The live store is the only authoritative source of current status. RAG is for finding candidates. The live store confirms their current state. These are two different jobs and they should never be conflated.

Why All Four Had to Be True

Each failure point alone would have been survivable:

If Layer 1 had matched: the event drops immediately. Nothing else matters.
If Layer 2 hadn’t gated Layer 3: RAG would have run and found the open incident.
If Layer 3 had been a hard block: even as a soft context pass, if it had drop semantics, the LLM decision wouldn’t matter.
If the live store lookup had been in place: stale metadata couldn’t cause a false negative.

The combination of all four meant: Layer 1 missed a formatting difference, Layer 2 fired and silenced Layer 3, Layer 3 was a suggestion not a block, and the metadata it would have read was stale anyway. Four independent failure modes, all active simultaneously.
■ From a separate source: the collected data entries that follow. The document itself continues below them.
(* first_hit n adj v0 s x = P_x(tau_0 = s) for simple random walk on G_t,
   where tau_0 = min{s >= 1 : X_s = 0}. *)
Fixpoint first_hit (n : nat) (adj : nat -> nat -> bool) (v0 : nat) (s : nat) (x : vtx) : R :=
  match s with
  | O => 0
  | S s' =>
      rsum (map (fun y =>
                   / degG n adj v0 x *
                   match y with
                   | Lv 0 => match s' with O => 1 | S _ => 0 end
                   | _ => first_hit n adj v0 s' y
                   end)
                (nbrsG n adj v0 x))
  end.

Definition ret_eq n adj v0 (t : nat) : R := first_hit n adj v0 t (Lv 0).

(* P_0(tau_0 >= t) = 1 - sum_{s=1}^{t-1} P_0(tau_0 = s) *)
Definition ret_ge n adj v0 (t : nat) : R :=
  1 - rsum (map (fun s => ret_eq n adj v0 s) (seq 1 (t - 1))).

From Stdlib Require Import Reals List Arith Lia Lra Classical.
Import ListNotations.
From mathcomp Require ssreflect ssrfun ssrbool eqtype ssrnat seq fintype ssralg ssrnum matrix.
From mathcomp Require interval set_interval boolp classical_sets reals topology normedtype Rstruct Rstruct_topology derive.
Open Scope R_scope.

(* From [0] the walk steps to [1] or into [H] at [v0], each with probability [1/2].  In [H] the
   walk killed at [0] has a transition operator [Q], self-adjoint for the degree-weighted inner
   product.  Testing with constants shows that its top eigenvalue satisfies
   [lam >= 1 - 1/(3n+1)], and the spectral gap of [H] forces the top eigenvector to put mass
   [>~ 1/n] on [v0]; on the orthogonal complement [Q] contracts.  Hence
   [P(tau_0 = t) >~ lam^t / n] while [P(tau_0 >= t) <~ lam^t + t^(-1/2)], the second term being
   the survival of the half-line walk.  For [n ~ K t / log t] we have [lam^t >= t^(-1/6)], which
   dominates [t^(-1/2)], and the ratio is [>~ 1/n ~ log t / t]. *)

(** * Finite sums *)

Lemma sum_lt_0 f : sum_lt 0 f = 0.
Proof. reflexivity. Qed.

Lemma sum_lt_S n f : sum_lt (S n) f = sum_lt n f + f n.
Proof.
  unfold sum_lt. rewrite seq_S, map_app. simpl.
  induction (map f (seq 0 n)) as [|a l IH]; simpl; [ring|]. rewrite IH. ring.
Qed.

Lemma sum_lt_ext n f g : (forall i, (i < n)%nat -> f i = g i) -> sum_lt n f = sum_lt n g.
Proof.
  induction n; intros H. reflexivity.
  rewrite !sum_lt_S. rewrite IHn. rewrite H by lia. reflexivity. intros; apply H; lia.
Qed.

Lemma sum_lt_plus n f g : sum_lt n (fun i => f i + g i) = sum_lt n f + sum_lt n g.
Proof. induction n. simpl; unfold sum_lt; simpl; ring. rewrite !sum_lt_S, IHn. ring. Qed.

Lemma sum_lt_minus n f g : sum_lt n (fun i => f i - g i) = sum_lt n f - sum_lt n g.
Proof. induction n. unfold sum_lt; simpl; ring. rewrite !sum_lt_S, IHn. ring. Qed.

Lemma sum_lt_scal n c f : sum_lt n (fun i => c * f i) = c * sum_lt n f.
Proof. induction n. unfold sum_lt; simpl; ring. rewrite !sum_lt_S, IHn. ring. Qed.

Lemma sum_lt_scalr n c f : sum_lt n (fun i => f i * c) = sum_lt n f * c.
Proof. induction n. unfold sum_lt; simpl; ring. rewrite !sum_lt_S, IHn. ring. Qed.

Lemma sum_lt_const0 n : sum_lt n (fun _ => 0) = 0.
Proof. induction n. reflexivity. rewrite sum_lt_S, IHn. ring. Qed.

Lemma sum_lt_const n c : sum_lt n (fun _ => c) = INR n * c.
Proof. induction n. unfold sum_lt; simpl; ring. rewrite sum_lt_S, IHn, S_INR. ring. Qed.

Lemma sum_lt_le n f g : (forall i, (i < n)%nat -> f i <= g i) -> sum_lt n f <= sum_lt n g.
Proof.
  induction n; intros H. unfold sum_lt; simpl; lra.
  rewrite !sum_lt_S. assert (f n <= g n) by (apply H; lia).
  assert (sum_lt n f <= sum_lt n g) by (apply IHn; intros; apply H; lia). lra.
Qed.

Lemma sum_lt_nonneg n f : (forall i, (i < n)%nat -> 0 <= f i) -> 0 <= sum_lt n f.
Proof. intros H. rewrite <- (sum_lt_const0 n). apply sum_lt_le. auto. Qed.

Lemma sum_lt_term n f j : (forall i, (i < n)%nat -> 0 <= f i) -> (j < n)%nat -> f j <= sum_lt n f.
Proof.
  induction n; intros H Hj. lia.
  rewrite sum_lt_S. destruct (Nat.eq_dec j n).
  - subst. assert (0 <= sum_lt n f) by (apply sum_lt_nonneg; intros; apply H; lia). lra.
  - assert (f j <= sum_lt n f) by (apply IHn; [intros; apply H; lia | lia]).
    assert (0 <= f n) by (apply H; lia). lra.
Qed.

Lemma sum_lt_swap n m (F : nat -> nat -> R) :
  sum_lt n (fun i => sum_lt m (fun j => F i j)) = sum_lt m (fun j => sum_lt n (fun i => F i j)).
Proof.
  induction n. rewrite sum_lt_0. symmetry. apply sum_lt_const0.
  rewrite sum_lt_S, IHn, <- sum_lt_plus. apply sum_lt_ext. intros. rewrite sum_lt_S. reflexivity.
Qed.

Lemma sum_lt_single n f j : (j < n)%nat -> sum_lt n (fun i => if Nat.eqb i j then f i else 0) = f j.
Proof.
  induction n; intros Hj. lia.
  rewrite sum_lt_S. destruct (Nat.eq_dec j n).
  - subst. rewrite Nat.eqb_refl. rewrite (sum_lt_ext n _ (fun _ => 0)). rewrite sum_lt_const0. ring.
    intros i Hi. destruct (Nat.eqb_spec i n); [lia|reflexivity].
  - rewrite IHn by lia. destruct (Nat.eqb_spec n j); [lia|ring].
Qed.

Lemma rsum_app l1 l2 : rsum (l1 ++ l2) = rsum l1 + rsum l2.
Proof. induction l1; simpl. unfold rsum; simpl; ring. unfold rsum in *; simpl. rewrite IHl1. ring. Qed.

Lemma rsum_filter_seq (p : nat -> bool) (f : nat -> R) a n :
  rsum (map f (filter p (seq a n))) = rsum (map (fun i => if p i then f i else 0) (seq a n)).
Proof.
  revert a. induction n; intros a. reflexivity.
  simpl. destruct (p a); simpl; unfold rsum in *; simpl; rewrite IHn; ring.
Qed.

Lemma rsum_filter (p : nat -> bool) (f : nat -> R) n :
  rsum (map f (filter p (seq 0 n))) = sum_lt n (fun i => if p i then f i else 0).
Proof. apply rsum_filter_seq. Qed.

Lemma rsum_map_const1 (A : Type) (l : list A) : rsum (map (fun _ => 1) l) = INR (length l).
Proof. induction l; simpl. reflexivity. unfold rsum in *; simpl. rewrite IHl. destruct (length l); simpl; ring. Qed.

Lemma sum_lt_shift m f : sum_lt (S m) f = f 0%nat + sum_lt m (fun s => f (S s)).
Proof.
  induction m. rewrite sum_lt_S, !sum_lt_0. ring.
  rewrite sum_lt_S, IHm, (sum_lt_S m). ring.
Qed.

Lemma rsum_map_seq1 k f : rsum (map f (seq 1 k)) = sum_lt k (fun j => f (S j)).
Proof. unfold sum_lt. rewrite <- seq_shift, map_map. reflexivity. Qed.

(** * Quadratic forms and Rayleigh quotients *)

Definition matvec n (A : nat -> nat -> R) (u : nat -> R) (x : nat) := sum_lt n (fun y => A x y * u y).
Definition bilin n (A : nat -> nat -> R) (a b : nat -> R) := sum_lt n (fun x => a x * matvec n A b x).

Module RowMax.
Import ssreflect ssrfun ssrbool eqtype ssrnat seq fintype ssralg ssrnum matrix.
Import interval set_interval boolp classical_sets reals topology normedtype Rstruct Rstruct_topology derive.
Import GRing.Theory Num.Theory.
Local Open Scope classical_set_scope.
This is what makes compound failures hard to debug. You can read the code for any single layer and conclude it’s reasonable. The failure only becomes visible when you trace one specific event through all three layers and ask why each one didn’t catch it.

The Final Dedup Pipeline

flowchart TB Event([Incoming error event]) --> L1{Layer 1 string match whitespace-collapsed} L1 -- match --> Drop1([drop · zero API cost]) L1 -- miss --> L2[Layer 2 SQL resolved lookup] L2 -- regression found --> Ctx1[Soft: regression context for TriageAgent] L2 -- nothing --> L3 Ctx1 --> L3 L3{Layer 3 RAG semantic ≥ 0.90 unconditional} L3 -- candidates --> Live[(Live store lookup)] Live -- open + has PR --> Drop2([drop · 1 embedding call]) Live -- terminal/no PR --> L3b L3 -- no candidates --> L3b L3b[Layer 3b RAG context soft hint] L3b --> Triage([TriageAgent]) classDef event fill:#0b0d10,stroke:#2f343b,color:#e6e8eb classDef hard fill:#0b0d10,stroke:#6ee7b7,color:#e6e8eb classDef soft fill:#13161a,stroke:#23272d,color:#9aa1a9 class Event,Drop1,Drop2,Triage event class L1,L3 hard class L2,L3b,Ctx1,Live soft

The dedup pipeline after all four fixes. Layer 1 catches the common case with zero API cost. Layer 3 runs unconditionally and reads the live store — it cannot be fooled by stale ChromaDB metadata.
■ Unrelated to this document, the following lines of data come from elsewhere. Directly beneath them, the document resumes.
Lemma empty_or_least_or (P Q : R -> Prop) :
  empty_or_least P -> empty_or_least Q -> empty_or_least (fun c => P c \/ Q c).
Proof.
  intros [HP | [p [Hp Mp]]] [HQ | [q [Hq Mq]]].
  - left; intros c [H | H]; [eapply HP | eapply HQ]; eauto.
  - right; exists q; split; [now right|]; intros c [H | H]; [now destruct (HP c) | auto].
  - right; exists p; split; [now left|]; intros c [H | H]; [auto | now destruct (HQ c)].
  - right; exists (Rmin p q); split.
    + apply Rmin_case; auto.
    + intros c [H | H]; [pose proof (Mp c H) | pose proof (Mq c H)];
        pose proof (Rmin_l p q); pose proof (Rmin_r p q); lra.
Qed.

Lemma empty_or_least_shift k (P : R -> Prop) :
  empty_or_least P -> empty_or_least (fun c => exists c', c = k + c' /\ P c').
Proof.
  intros [H | [p [Hp Mp]]].
  - left; intros c [c' [_ Hc']]; eapply H, Hc'.
  - right; exists (k + p); split; [eauto|].
    intros c [c' [-> Hc']]; pose proof (Mp c' Hc'); lra.
Qed.

Lemma empty_or_least_guard (A : Prop) k : empty_or_least (fun c => A /\ c = k).
Proof.
  destruct (classic A) as [HA | HA].
  - right; exists k; split; [auto | intros c [_ ->]; lra].
  - left; intros c [Hc _]; contradiction.
Qed.

Lemma align_empty_or_least x y : empty_or_least (align x y).
Proof.
  revert y; induction x as [|a x IHx]; intro y.
  { left; apply align_nil_l. }
  induction y as [|b y IHy].
  { left; apply align_nil_r. }
  apply (empty_or_least_ext _ _ (fun c => iff_sym (align_cons_iff a b x y c))).
  apply empty_or_least_shift.
  repeat apply empty_or_least_or; auto using empty_or_least_guard.
Qed.

Lemma align_least x y : x <> [] -> y <> [] -> exists c, least (align x y) c.
Proof.
  intros Hx Hy; destruct (align_empty_or_least x y) as [H | H]; [|exact H].
  destruct (align_exists x y Hx Hy) as [c Hc]; destruct (H c Hc).
Qed.

Definition is_move (di dj : nat) : Prop :=
  (di = 1 /\ dj = 0 \/ di = 0 /\ dj = 1 \/ di = 1 /\ dj = 1)%nat.

Lemma wstep_move i0 j0 q :
  wstep (S i0, S j0) q <-> exists di dj, is_move di dj /\ q = (S (i0 + di), S (j0 + dj)).
Proof.
  destruct q as [i j]; unfold wstep, is_move; cbn [fst snd]; split.
  - intros [[-> ->] | [[-> ->] | [-> ->]]];
      [exists 1%nat, 0%nat | exists 0%nat, 1%nat | exists 1%nat, 1%nat]; split; auto; f_equal; lia.
  - intros (di & dj & Hm & E); injection E as -> ->; lia.
Qed.

Lemma align_move di dj a b x y c : is_move di dj ->
  align (skipn di (a :: x)) (skipn dj (b :: y)) c -> align (a :: x) (b :: y) ((a - b) ^ 2 + c).
Proof.
  intros [[-> ->] | [[-> ->] | [-> ->]]]; cbn [skipn];
    [apply align_down | apply align_right | apply align_diag].
Qed.

Lemma wsteps_mono q p : wsteps (q :: p) ->
  Forall (fun r => fst q <= fst r /\ snd q <= snd r)%nat (q :: p).
Proof.
  revert q; induction p as [|r p IH]; intros q H.
  - constructor; [lia | constructor].
  - destruct H as [Hs Hw]; constructor; [lia|].
    eapply Forall_impl; [|exact (IH r Hw)]; cbv beta.
    destruct Hs as [[H1 H2] | [[H1 H2] | [H1 H2]]]; lia.
Qed.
Layer 1 catches the common case with zero API cost. Layer 3 is the fallback for formatting differences that slip past Layer 1. Layer 3 cannot be fooled by stale metadata because it always reads live status.
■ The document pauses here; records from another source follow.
Lemma exists_pivot_frame n u (a b : nat -> R) j :
  (forall i, (i < n.+1)%N -> D (u i)) -> orthonormal_on ip n.+1 u ->
  has_diagonal n.+1 u a -> (j <= n)%N -> a 0%N <= b 0%N -> b 0%N <= a j ->
  exists v, [/\ orthonormal_on ip n.+1 v, fspan v n.+1 = fspan u n.+1,
    ip (E (v 0%N)) (v 0%N) = cR (b 0%N) &
    has_diagonal n (fun i => v i.+1) (pivoted a b j)].
Proof.
move=> Du onu du jn a0b0 b0aj; have [j0|jpos] := posnP j.
  have a0 : a 0%N = b 0%N by apply/le_anti; rewrite a0b0; move: b0aj; rewrite j0.
  exists u; split => //; first by rewrite -a0 du.
  by move=> i ilt; rewrite /pivoted j0 /= addr0 du.
have uj0 : 0%N != j by rewrite eq_sym -lt0n.
have u00 : ip (u 0%N) (u 0%N) = 1 by rewrite onu.
have ujj : ip (u j) (u j) = 1 by rewrite onu ?eqxx.
have u0j : ip (u 0%N) (u j) = 0 by rewrite onu // (negbTE uj0).
have albe : a 0%N <= b 0%N <= a j by rewrite a0b0 b0aj.
have [w [w' [fwd bwd gram Ew Ew']]] :=
  rotate_pair (Du 0%N isT) (Du j jn) u00 ujj u0j (du 0%N isT) (du j jn) albe.
exists (replace2 u 0 j w w'); split.
- exact: orthonormal_on_replace2.
- exact: fspan_replace2.
- by rewrite /replace2 eqxx.
- move=> i ilt; rewrite /replace2 /pivoted /=; have [ij|ij] := eqVneq i.+1 j.
    by rewrite Ew'; congr cR; rewrite ij; ring.
  by rewrite addr0 du.
Qed.

Theorem finite_schur_horn n : forall (u : nat -> V) (a b : nat -> R),
  (forall i, (i < n)%N -> D (u i)) -> orthonormal_on ip n u -> has_diagonal n u a ->
  nondecreasing_seq b -> prefix_dominated n a b ->
  exists e, [/\ fspan e n = fspan u n, orthonormal_on ip n e & has_diagonal n e b].
Proof.
elim: n => [|n IH] u a b Du onu du ndb dom; first by exists u.
have [j jn [b0aj ajb0]] := prefix_dominated_pivot ndb dom.
have a0b0 : a 0%N <= b 0%N by have := dom.1 1%N isT; rewrite !big_ord1.
have [v [onv fv Ev0 dv]] := exists_pivot_frame Du onu du jn a0b0 b0aj.
have Dv i : (i < n)%N -> D (v i.+1).
  by move=> ilt; apply: fspan_min opE.1 Du _ _; rewrite -fv; exact: fspan_gen.
have dom' := prefix_dominated_pivoted ndb dom jn b0aj (fun i ij => ltW (ajb0 i ij)).
have [e [fe one de]] := IH (fun i => v i.+1) _ (fun i => b i.+1) Dv
  (fun i k => onv i.+1 k.+1) dv (fun i k ik => ndb i.+1 k.+1 ik) dom'.
exists (prepend (v 0%N) e); split.
- by rewrite fspan_prepend.
- exact: orthonormal_on_prepend.
- exact: has_diagonal_prepend.
Qed.

End Operator.

Lemma dtilde_prefix_dominated (R : realType) (d lam : nat -> R) N :
  (1 <= N)%N -> (forall k, (1 <= k <= N)%N -> delta d lam N <= delta d lam k) ->
  prefix_dominated N (dtilde d lam N) d.
Proof.
move=> N1 hN.
have sum_dtilde k : (1 <= k <= N)%N ->
    \sum_(i < k) dtilde d lam N i = \sum_(i < k) lam i + delta d lam N.
  case: k => [|k] // /andP[_ kN]; rewrite !big_ord_recl /dtilde /=.
  rewrite (eq_bigr (fun i : 'I_k => lam i.+1)) => [|i _]; first by ring.
  by rewrite /= (leq_trans _ kN) // ltnS ltn_ord.
have sum_d k : \sum_(i < k) d i = \sum_(i < k) lam i + delta d lam k.
  by rewrite /delta sumrB addrC subrK.
split=> [[|k] kN|]; first by rewrite !big_ord0.
  by rewrite sum_dtilde ?kN // sum_d lerD2l hN ?kN.
by rewrite sum_dtilde ?N1 ?leqnn // sum_d.
Qed.

Definition splice {T} (N : nat) (e g : nat -> T) (i : nat) : T :=
  if (i < N)%N then e i else g i.

Section Splice.
Variables (R : realType) (V : lmodType R[i]) (ip : V -> V -> R[i]).
Hypothesis ipV : inner_product_space ip.
Variables (N : nat) (e g : nat -> V).

Lemma orthonormal_seq_splice :
  orthonormal_on ip N e -> (forall i, (i < N)%N -> fspan g N (e i)) ->
  orthonormal_seq ip g -> orthonormal_seq ip (splice N e g).
Proof.
move=> one eg ong.
have eg_perp i j : (i < N)%N -> (N <= j)%N -> ip (e i) (g j) = 0.
  move=> iN Nj; apply: (fspan_min (orthogonal_subspace ipV (g j))) (eg i iN) => k kN /=.
  by rewrite ong ltn_eqF // (leq_trans kN Nj).
move=> i j; rewrite /splice; case: ltnP => iN; case: ltnP => jN.
- exact: one.
- by rewrite eg_perp // ltn_eqF // (leq_trans iN jN).
- by rewrite (ipC ipV) eg_perp // conjC0 gtn_eqF // (leq_trans jN iN).
- exact: ong.
Qed.

Lemma lspan_splice : fspan e N = fspan g N -> lspan (splice N e g) = lspan g.
Proof.
move=> feg; apply/seteqP; split; apply: lspan_min; try exact: lspan_subspace.
- move=> i; rewrite /splice; case: ltnP => iN; last exact: lspan_gen.
  by apply: (@fspan_sub_lspan _ _ g N); rewrite -feg; exact: fspan_gen.
- move=> i; case: (ltnP i N) => iN.
    have : fspan e N (g i) by rewrite feg; exact: fspan_gen.
    apply: (fspan_min (lspan_subspace (splice N e g))) => k kN.
    by have := lspan_gen (splice N e g) k; rewrite /splice kN.
  by have := lspan_gen (splice N e g) i; rewrite /splice ltnNge iN.
Qed.

End Splice.

Theorem lemma3p5 (R : realType) (d lam : nat -> R)
  (V : lmodType R[i]) (ip : V -> V -> R[i]) (D : set V) (E : V -> V)
  (N : nat) (g : nat -> V) :
  nondecreasing_seq d -> nondecreasing_seq lam ->
  (forall k : nat, (1 <= k)%N -> 0 <= delta d lam k) ->
  limn_einf (fun k => (delta d lam k)%:E) = 0%E ->
  hilbert_space ip -> operator_on D E -> dense_in ip D -> symmetric_on ip D E ->
  (1 <= N)%N -> (forall k : nat, (1 <= k <= N)%N -> delta d lam N <= delta d lam k) ->
  orthonormal_seq ip g -> (forall i : nat, D (g i)) ->
  (forall i : nat, ip (E (g i)) (g i) = cR (dtilde d lam N i)) ->
  exists e : nat -> V,
    [/\ orthonormal_seq ip e,
        (forall i : nat, lspan g (e i)),
        clspan ip e = clspan ip g &
        (forall i : nat, ip (E (e i)) (e i) = cR (d i))].
Proof.
move=> ndd _ _ _ [ipV _] opE _ symE N1 hN ong Dg Eg.
have [e [feg one de]] := finite_schur_horn ipV opE symE (fun i _ => Dg i)
  (fun i j _ _ => ong i j) (fun i _ => Eg i) ndd (dtilde_prefix_dominated N1 hN).
have lspanE := lspan_splice feg.
exists (splice N e g); split.
- by apply: orthonormal_seq_splice => // i iN; rewrite -feg; exact: fspan_gen.
- by move=> i; rewrite -lspanE; exact: lspan_gen.
- by rewrite /clspan lspanE.
- move=> i; rewrite /splice; case: ltnP => iN; first exact: de.
  by rewrite Eg /dtilde ltnNge iN (_ : (i == 0%N) = false) //; lia.
Qed.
Three Lessons That Generalize

Soft and hard are different categories. Injecting context into an LLM prompt and expecting it to reliably produce a specific output is a soft mechanism. If you need a hard guarantee — event dropped, action blocked, duplicate rejected — implement it deterministically. Don’t use “the LLM will probably do the right thing” where you need a circuit breaker.

RAG metadata goes stale. ChromaDB stores what you give it at index time. If the underlying record changes after indexing, the metadata is wrong. For any decision that depends on current state — is this incident still open? does this PR still exist? — query the live store. Use RAG to find candidates, not to confirm current truth.

Layer ordering creates invisible dependencies. When Layer N gates Layer N+1, you’ve created a coupling that isn’t visible from reading either layer in isolation. The short-circuit made sense as a cost optimization. The side effect — that RAG could never fire when a regression was detected — was invisible until a specific combination of conditions exposed it. Document gating logic explicitly and ask what scenarios it prevents downstream layers from running.

The dedup pipeline now processes the same error correctly on re-occurrence. The full pipeline cost for a duplicate incident: one string comparison and one embedding call. Before the fix: full triage, diagnosis, fix generation, and a PR for a bug that already had a PR open.

Two root causes. Four failure points. One event that exposed all of them.